Primer design

To cover blood parasites from several taxonomic lineages and to get enough species-level resolutions, universal primers covering a high ratio of eukaryotic organisms with a > 1 kb 18S rDNA barcode were selected (Table 1; Fig. 1A). Target regions spanned from variable area 4 (V4) to V9, based on the naming scheme according to the previous publication²⁰. To simulate the classification of parasite species with error-prone portable NGS sequence data, one thousand error-containing sequences for V9 and V4-9 were obtained by introducing random mutations with various error ratios per base from the reference 18S rDNA sequence of P. falciparum, knowlesi, malariae, ovale and vivax. When these sequences were classified by blastn with modified parameters (-task blastn for somewhat similar sequences), up to 1.7% o top hit were misassigned to another species with V9 regions depending on the error rate (Table 2). When these sequences were classified by ribosomal database project (RDP) naive Bayesian classifier method, proportion of sequences without classification above the bootstrap values threshold (> 50%) increased in error rate dependent manner with V9 region (Fig. 1B).

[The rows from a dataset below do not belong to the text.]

(* Consider $k\ge 2$ arms. For each arm $j$, $n_j\ge 1$ samples with values in $[0,1]$ have been observed, with sample mean $\overline X_j^{n_j}\in[0,1]$. Let $\alpha$ be an arm with the largest sample mean and $\beta$ an arm with the second largest sample mean, i.e. $\overline X_\alpha^{n_\alpha}\ge \overline X_\beta^{n_\beta}\ge \overline X_j^{n_j}$ for all $j\ne\alpha$. Fix an integer $N\ge 1$ and an arm $i$, and let $Y_1,\dots,Y_N$ be random variables with values in $[0,1]$ (the next $N$ samples of arm $i$). Define the updated sample mean of arm $i$ as $$\overline X_i^{n_i+N}=\frac{n_i\overline X_i^{n_i}+\sum_{t=1}^N Y_t}{n_i+N},$$ while the sample means of all other arms are unchanged. Let $\Lambda_i^b$ be the blinkered intrinsic value of information of testing arm $i$ $N$ times (defined in the context). Then $$\Lambda_\alpha^b\le \frac{N\,\overline X_\beta^{n_\beta}}{n_\alpha}\,\Pr\!\left(\overline X_\alpha^{n_\alpha+N}\le \overline X_\beta^{n_\beta}\right),$$ and for every $i\ne\alpha$, $$\Lambda_i^b\le \frac{N\,(1-\overline X_\alpha^{n_\alpha})}{n_i}\,\Pr\!\left(\overline X_i^{n_i+N}\ge \overline X_\alpha^{n_\alpha}\right).$$
   Context: Setting: a selection problem among arms, where samples of each arm take values in $[0,1]$ and the estimated value of an arm is its sample mean; after sampling stops, the arm with the greatest sample mean is selected. Currently the selected arm is $\alpha$. For a test consisting of $N$ additional samples of arm $i$, let $m_j'$ denote the sample mean of arm $j$ after the test (so $m_i'=\overline X_i^{n_i+N}$ and $m_j'=\overline X_j^{n_j}$ for $j\ne i$). The blinkered intrinsic value of information is the expected improvement, measured by the updated estimates, of the best arm after the test over the currently selected arm $\alpha$: $$\Lambda_i^b=\mathbb E\!\left[\max_j m_j' - m_\alpha'\right].$$ In particular $\Lambda_\alpha^b=\mathbb E[(\overline X_\beta^{n_\beta}-\overline X_\alpha^{n_\alpha+N})^+]$ and, for $i\ne\alpha$, $\Lambda_i^b=\mathbb E[(\overline X_i^{n_i+N}-\overline X_\alpha^{n_\alpha})^+]$. Probabilities and expectations are over the random future samples $Y_1,\dots,Y_N$. *)

(* A general probability space is encoded
   from scratch (sigma-algebra + countably additive probability), and the
   expectation of a bounded function is the supremum of the integrals of
   simple functions lying below it (= Lebesgue integral for bounded
   measurable functions). *)
From Stdlib Require Import Reals Lra List Classical ClassicalEpsilon.
Open Scope R_scope.

Record prob_space (Omega : Type) := {
  measurable : (Omega -> Prop) -> Prop;
  Prob : (Omega -> Prop) -> R;
  meas_full : measurable (fun _ => True);
  meas_compl : forall A, measurable A -> measurable (fun w => ~ A w);
  meas_countable_union : forall A : nat -> Omega -> Prop,
      (forall n, measurable (A n)) -> measurable (fun w => exists n, A n w);
  Prob_nonneg : forall A, measurable A -> 0 <= Prob A;
  Prob_full : Prob (fun _ => True) = 1;
  Prob_sigma_additive : forall A : nat -> Omega -> Prop,
      (forall n, measurable (A n)) ->
      (forall i j w, i <> j -> A i w -> A j w -> False) ->
      infinite_sum (fun n => Prob (A n)) (Prob (fun w => exists n, A n w))
}.
Arguments measurable {Omega}.
Arguments Prob {Omega}.

Definition indic {Omega : Type} (A : Omega -> Prop) (w : Omega) : R :=
  if excluded_middle_informative (A w) then 1 else 0.

Definition simple_eval {Omega : Type} (s : list (R * (Omega -> Prop))) (w : Omega) : R :=
  fold_right Rplus 0 (map (fun p => fst p * indic (snd p) w) s).

Definition simple_integral {Omega : Type} (P : prob_space Omega)
  (s : list (R * (Omega -> Prop))) : R :=
  fold_right Rplus 0 (map (fun p => fst p * Prob P (snd p)) s).

Definition lower_integrals {Omega : Type} (P : prob_space Omega) (f : Omega -> R) (x : R) : Prop :=
  exists s : list (R * (Omega -> Prop)),
    Forall (fun p => measurable P (snd p)) s /\
    (forall w, simple_eval s w <= f w) /\
    x = simple_integral P s.

Definition Expect {Omega : Type} (P : prob_space Omega) (f : Omega -> R) : R :=
  match excluded_middle_informative
          (bound (lower_integrals P f) /\ exists x, lower_integrals P f x) with
  | left H => proj1_sig (completeness _ (proj1 H) (proj2 H))
  | right _ => 0
  end.

Definition Pr {Omega : Type} (P : prob_space Omega) (A : Omega -> Prop) : R :=
  Expect P (indic A).

Definition measurable_fun {Omega : Type} (P : prob_space Omega) (X : Omega -> R) : Prop :=
  forall a : R, measurable P (fun w => X w <= a).

(* updated sample mean of arm i after N further samples Y 0 .. Y (N-1) *)
Definition updated_mean {Omega : Type} (ni N : nat) (xi : R) (Y : nat -> Omega -> R)
  (w : Omega) : R :=
  (INR ni * xi + fold_right Rplus 0 (map (fun t => Y t w) (seq 0 N))) / INR (ni + N).

Definition post_mean {Omega : Type} (n : nat -> nat) (xbar : nat -> R)
  (i N : nat) (Y : nat -> Omega -> R) (j : nat) (w : Omega) : R :=
  if Nat.eq_dec j i then updated_mean (n i) N (xbar i) Y w else xbar j.

(* blinkered intrinsic value of information of testing arm i N times,
   arms indexed 0..k-1, alpha the currently selected arm:
   Lambda_i^b = E[ max_j m'_j - m'_alpha ] *)
Definition blinkered_VOI {Omega : Type} (P : prob_space Omega) (k : nat)
  (n : nat -> nat) (xbar : nat -> R) (alpha i N : nat) (Y : nat -> Omega -> R) : R :=
  Expect P (fun w =>
    fold_right Rmax (post_mean n xbar i N Y alpha w)
      (map (fun j => post_mean n xbar i N Y j w) (seq 0 k))
    - post_mean n xbar i N Y alpha w).

From Stdlib Require Import Reals List.
From Stdlib Require Import Lra Psatz Classical ClassicalEpsilon FunctionalExtensionality PropExtensionality.
Open Scope R_scope.

(* After testing arm i, the improvement of the best updated mean
   over the updated mean of alpha is  max(u, v) - u  for two competitors u, v:
   for i = alpha, u is the updated mean of alpha and v = xbar_beta; for
   i <> alpha, u = xbar_alpha and v is the updated mean of arm i.  This
   quantity vanishes unless u <= v, and elementary algebra on the updated mean
   bounds the jump v - u by the constant c of the theorem, so pointwise
     improvement <= c * 1_{u <= v}.
   The theorem follows from one fact about the expectation (a
   supremum of integrals of simple functions):  f <= c * 1_A  implies
   E f <= c * Pr A. *)

Lemma pred_ext {O : Type} (A B : O -> Prop) : (forall w, A w <-> B w) -> A = B.
Proof.
  intro H. apply functional_extensionality; intro w.
  apply propositional_extensionality; auto.
Qed.

Lemma indic_in {O : Type} (A : O -> Prop) w : A w -> indic A w = 1.
Proof. unfold indic; destruct excluded_middle_informative; tauto. Qed.

Lemma indic_out {O : Type} (A : O -> Prop) w : ~ A w -> indic A w = 0.
Proof. unfold indic; destruct excluded_middle_informative; tauto. Qed.

Lemma indic_range {O : Type} (A : O -> Prop) w : 0 <= indic A w <= 1.
Proof. unfold indic; destruct excluded_middle_informative; lra. Qed.

Section ProbabilitySpace.
Variable Omega : Type.
Variable P : prob_space Omega.

Lemma meas_empty : measurable P (fun _ => False).
Proof.
  replace (fun _ : Omega => False) with (fun w : Omega => ~ True).
  - apply meas_compl, meas_full.
  - apply pred_ext; tauto.
Qed.

Lemma meas_union (A B : Omega -> Prop) : measurable P A -> measurable P B ->
  measurable P (fun w => A w \/ B w).
Proof.
  intros HA HB.
  replace (fun w => A w \/ B w) with
    (fun w => exists m, (match m with 0%nat => A | _ => B end) w).
  - apply meas_countable_union. intros [|m]; auto.
  - apply pred_ext; intro w; split.
    + intros [[|m] H]; auto.
    + intros [H|H]; [exists 0%nat | exists 1%nat]; auto.
Qed.

Lemma meas_inter (A B : Omega -> Prop) : measurable P A -> measurable P B ->
  measurable P (fun w => A w /\ B w).
Proof.
  intros HA HB.
  replace (fun w => A w /\ B w) with (fun w => ~ ((fun w => ~ A w) w \/ (fun w => ~ B w) w)).
  - apply meas_compl, meas_union; apply meas_compl; auto.
  - apply pred_ext; intro w; simpl; tauto.
Qed.

Lemma meas_diff (A B : Omega -> Prop) : measurable P A -> measurable P B ->
  measurable P (fun w => A w /\ ~ B w).
Proof. intros; apply meas_inter; auto using meas_compl. Qed.

Lemma Prob_empty : Prob P (fun _ => False) = 0.
Proof.
  pose proof (Prob_sigma_additive _ P (fun _ _ => False)
                (fun _ => meas_empty) (fun _ _ _ _ f _ => f)) as Hsum.
  cbv beta in Hsum.
  replace (fun w : Omega => exists _ : nat, False) with (fun _ : Omega => False) in Hsum
    by (apply pred_ext; intro; split; [tauto | intros [_ []]]).
  set (p := Prob P (fun _ => False)) in *.
  assert (Hp : 0 <= p) by apply Prob_nonneg, meas_empty.
  (* the partial sums (m+1) p converge to p, which forces p = 0 *)
  destruct (Req_dec p 0) as [|Hne]; auto. exfalso.
  destruct (Hsum (p / 2)) as [M HM]; [lra|].
  pose proof (HM M (Nat.le_refl _)) as H1.
  pose proof (HM (S M) (Nat.le_succ_diag_r _)) as H2.
  unfold R_dist in *. simpl in H2.
  apply Rabs_def2 in H1. apply Rabs_def2 in H2. lra.
Qed.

18S rDNA barcode and primers in this study. (A) Schematic illustration of the primers used in this study. Universal Primers (F566 and 1776R, Table 1) to amplify V4-9 region are shown in white arrows. Blocking primers (PNA_Hs733F and 3SpC3_Hs1829R) are shown in black arrows. Variable areas of 18S rDNA gene are shown in white boxes. Universal primers (1391f and EukBr) targeting V9 region are shown in grey arrows. Size of the sequence and primer arrows are not scaled to the actual lengths. 3SpC3_Hs1829R and 1776R have actual overlapping bases for four bases. (B) RDP naive bayesian classifier method based classification results of the simulated error containing 18S rDNA barcodes. Proportions of the assigned classification in species levels are shown. NA means that taxonomic assignment were not beyond the bootstrap value threshold (> 50%).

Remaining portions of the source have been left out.